The numerous gender and sex differences regarding incidence, prognosis, development, treatment, and mortality described in the last few years have led to an increasing awareness that they, in fact, have been ignored for so many years. With regard to pharmacological treatments, pharmacokinetic and pharmacodynamic differences have been noted, even though few women have been enrolled in clinical studies. The increasing knowledge of gender differences has not yet been translated into gender-specific guidelines and recommendations. Nor are curricula for a gender-specific clinical approach available. Furthermore, because of the lack of hard data, it is not surprising that adverse reactions are more common in women. Thus far in Europe too few women have been historically enrolled in clinical studies , therefore it was necessary to perform preclinical studies in a gender-specific way, such as selecting the most appropriate model of diseases to consider the pharmacokinetic differences and the variations induced by the complex biological aspects of women. Moreover, women should be enrolled in all phases of clinical studies. This strategy should reduce the incidence of sex/gender- specific side effects and adverse drug reactions. Some critical issues deserve specific attention:

 

What about gender differences in pharmcokinetics parameters?

 

What about age and gender ?

 

What about ADRs?

The incidence of adverse drug reactions (ADRs)] due to CYP2D6-dependent β-blockers is higher in female patients because of the lower sensitivity of CYP2D6 to the drug in women, and the consequently higher plasma levels of this drug in their blood (Clin Pharmacol Ther 2006; 80 (5):551-3). Thus, it could be safer for women to use β-blockers which are metabolized less by CYP2D6, such as carvedilol or nebivolol (Dtsch Med Wochenschr 2004; 129 (15):831-5) or atenolol, which is not metabolized at all by this enzyme.

More attention should be paid to periods specific to women, such as menopause, pregnancy, pre-and post delivery, and lactation. The menstrual cycle and oral contraceptive (OC) use are particularly relevant. Two classes of interactions have been described with OC: i) those that have an impact on their effect (e.g. rifampicina, phenythoin, hypericum) and ii) those in which OC interacts with the metabolism or activity of other drugs. In women, the use of OC modifies many biochemical parameters which can be used as biomarkers to measure the drug efficacy. OCs, in fact, are able to modify DNA methylation.

 

What about gender differences in drug activity?

ANG II infusion in females is not associated with either a change in the activity of NADPH oxidase or the expression of p67phox, a subunit of NADPH oxidase, both of which were increased in males receiving ANG II (Lopez-Ruiz A et al Am J Physiol Heart Circ Physiol 2008; 295: H466–H474).

ACEI enhances basal t-PA release in women, independent of menopausal status, but not in men. (Arterioscler Thromb Vasc Biol 2005; 25: 2435-2440.). Among 21 large studies with ACEI and ARB, 12 trials did not report gender-specific outcomes. Among these, only 3 trials tried to account for potential gender-differences by conducting gender-adjusted analysis. Among the ACEI and ARBS trials, women accounted for 37.5% and 48.5% of trial participants, respectively.
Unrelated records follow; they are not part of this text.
(* Let $\mathbb X=\ell^\infty(\mathbb C)$, the real Banach space of bounded complex sequences $(x_k)_{k\in\mathbb N}$ with the supremum norm. For $t\in[0,1]$ define $g_t((x_k))=(t\,x_k e^{i\pi/(2k)})$ and $f_t((x_k))=(\tfrac t4x_k+1-\tfrac t4)$, and let $F^g_t=\{f_t,g_t\}$. For $t\in[0,1)$ both maps are contractions, so $F^g_t$ has a unique attractor $A_t$ (nonempty compact with $A_t=f_t(A_t)\cup g_t(A_t)$). Then there is no sequence $t_n\in[0,1)$ with $t_n\to1$ such that $(A_{t_n})$ converges in the Hausdorff metric; in particular $F^g_t$ has no upper transition attractor. More precisely, for every $s\in[\tfrac12,1)$ there is $t_0<1$ such that $h(A_t,A_s)\ge\tfrac12$ for all $t\in[t_0,1)$.
   Context: $h$ denotes the Hausdorff metric on nonempty compact subsets of $\mathbb X$. An upper transition attractor of $F^g_t$ is a compact set $A^\bullet$ for which there is an increasing sequence $t_n\in[0,1)$, $t_n\to1$, with $h(A_{t_n},A^\bullet)\to0$. *)

From Stdlib Require Import Reals List.
From Coquelicot Require Import Coquelicot.
Open Scope R_scope.

(* Sequences of complex numbers; index k : nat stands for the paper's k+1
   (the paper indexes by k = 1, 2, ...). *)
Definition seqC := nat -> C.

Definition bounded_seq (x : seqC) : Prop := exists M : R, forall k, Cmod (x k) <= M.

(* sup-norm distance, extended-real valued (+oo between a bounded and an
   unbounded sequence); on l^oo it is the usual finite sup metric. *)
Definition linf_dist (x y : seqC) : Rbar :=
  Sup_seq (fun k => Finite (Cmod (Cminus (x k) (y k)))).

Definition linf_open (U : seqC -> Prop) : Prop :=
  forall x, U x -> exists eps : R, 0 < eps /\
    forall y, Rbar_lt (linf_dist x y) (Finite eps) -> U y.

Definition linf_compact (K : seqC -> Prop) : Prop :=
  forall (I : Type) (U : I -> seqC -> Prop),
    (forall i, linf_open (U i)) ->
    (forall x, K x -> exists i, U i x) ->
    exists l : list I, forall x, K x -> exists i, In i l /\ U i x.

Definition nonempty_compact (K : seqC -> Prop) : Prop :=
  (exists x, K x) /\ (forall x, K x -> bounded_seq x) /\ linf_compact K.

Definition dist_to_set (x : seqC) (B : seqC -> Prop) : Rbar :=
  Glb_Rbar (fun r => exists b, B b /\ linf_dist x b = Finite r).

Definition excess (A B : seqC -> Prop) : Rbar :=
  Lub_Rbar (fun r => exists a, A a /\ dist_to_set a B = Finite r).

Definition hausdorff (A B : seqC -> Prop) : R :=
  Rmax (real (excess A B)) (real (excess B A)).

Definition cis (theta : R) : C := (cos theta, sin theta).

Definition g_map (t : R) (x : seqC) : seqC :=
  fun k => Cmult (Cmult (RtoC t) (x k)) (cis (PI / (2 * INR (S k)))).

Definition f_map (t : R) (x : seqC) : seqC :=
  fun k => Cplus (Cmult (RtoC (t / 4)) (x k)) (RtoC (1 - t / 4)).

Definition is_attractor (t : R) (A : seqC -> Prop) : Prop :=
  nonempty_compact A /\
  forall x, A x <-> ((exists y, A y /\ x = f_map t y) \/ (exists y, A y /\ x = g_map t y)).

Definition upper_transition_attractor (A : R -> seqC -> Prop) (Ab : seqC -> Prop) : Prop :=
  nonempty_compact Ab /\
  exists tn : nat -> R,
    (forall n, 0 <= tn n < 1) /\ (forall n, tn n < tn (S n)) /\
    is_lim_seq tn 1 /\ is_lim_seq (fun n => hausdorff (A (tn n)) Ab) 0.

From Stdlib Require Import Reals Lra Classical List.
From Coquelicot Require Import Coquelicot.
Open Scope R_scope.

(* Every point of A_t is within sup-distance 1 of the origin, and in coordinate
   k (rotation angle theta_k = pi/(2(k+1))) the imaginary parts of A_s are
   O(theta_k / (1 - s)), since g_s rotates by theta_k while contracting by s.
   On the other hand, applying f_t twice to any point of A_t gives real part
   >= 7/8 in coordinate k, and k+1 further applications of g_t rotate it by
   pi/2, producing a point of A_t with imaginary part >= 7/8 t^(k+1) there.
   Fixing s, choosing k with sin theta_k / (1 - s) <= 1/8 and then t close
   to 1 separates A_t from A_s by 5/8 in coordinate k. *)

Lemma Im_Cminus a b : Im (Cminus a b) = Im a - Im b.
Proof. destruct a, b; simpl; ring. Qed.

Lemma Im_sub_le_Cmod a b : Im a - Im b <= Cmod (Cminus a b).
Proof.
  rewrite <- Im_Cminus.
  apply Rle_trans with (Rabs (Im (Cminus a b))); [apply Rle_abs |].
  apply Rle_trans with (2 := Rmax_Cmod _), Rmax_r.
Qed.

Lemma Rabs_Im_le_Cmod z : Rabs (Im z) <= Cmod z.
Proof. apply Rle_trans with (2 := Rmax_Cmod z), Rmax_r. Qed.

Lemma Cmod_Cminus_le a b : Cmod (Cminus a b) <= Cmod a + Cmod b.
Proof. unfold Cminus. rewrite <- (Cmod_opp b). apply Cmod_triangle. Qed.

Lemma Cmod_le_Cmod_Cminus a b : Cmod b <= Cmod a + Cmod (Cminus a b).
Proof.
  replace b with (Cminus a (Cminus a b)) at 1 by (unfold Cminus; ring).
  apply Cmod_Cminus_le.
Qed.

Lemma Cmod_Cminus_triangle a b c :
  Cmod (Cminus a c) <= Cmod (Cminus a b) + Cmod (Cminus b c).
Proof.
  replace (Cminus a c) with (Cplus (Cminus a b) (Cminus b c)) by (unfold Cminus; ring).
  apply Cmod_triangle.
Qed.

Lemma Cmod_cis th : Cmod (cis th) = 1.
Proof.
  unfold cis, Cmod; simpl. rewrite <- sqrt_1 at 3. f_equal.
  generalize (sin2_cos2 th). unfold Rsqr. lra.
Qed.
The majority of trials did not have adequate power to evaluate gender differences. In the treatment of congestive heart failure with ACEI, “Men receive more benefit with respect to mortality reduction than women” (Eyhan G et al Eur J Heart Fail 2007; 9: 594-601; Miller JA et al J Am Soc Nephrol 2006; 17: 2554-60, Rabi DM et al Can J Cardiol 2008; 24(6)); “Cough occurs more frequently in females than in men” [Os I et al Am J Hypertens 1994; 7: 1012–1015]; “Angioedema has been suggested to be more frequent in females on ACE inhibitors than men” (Miller DR et al Hypertension 2008; 51: 1624-1630).

 

What about primary prevention?

Only 26% of women have been included in primary prevention

 

Conclusions

More studies on gender differences can help in better profiling the pharmaco-therapeutic approach for women. More studies on gender differences can decrease the number of ADRs both in men and women.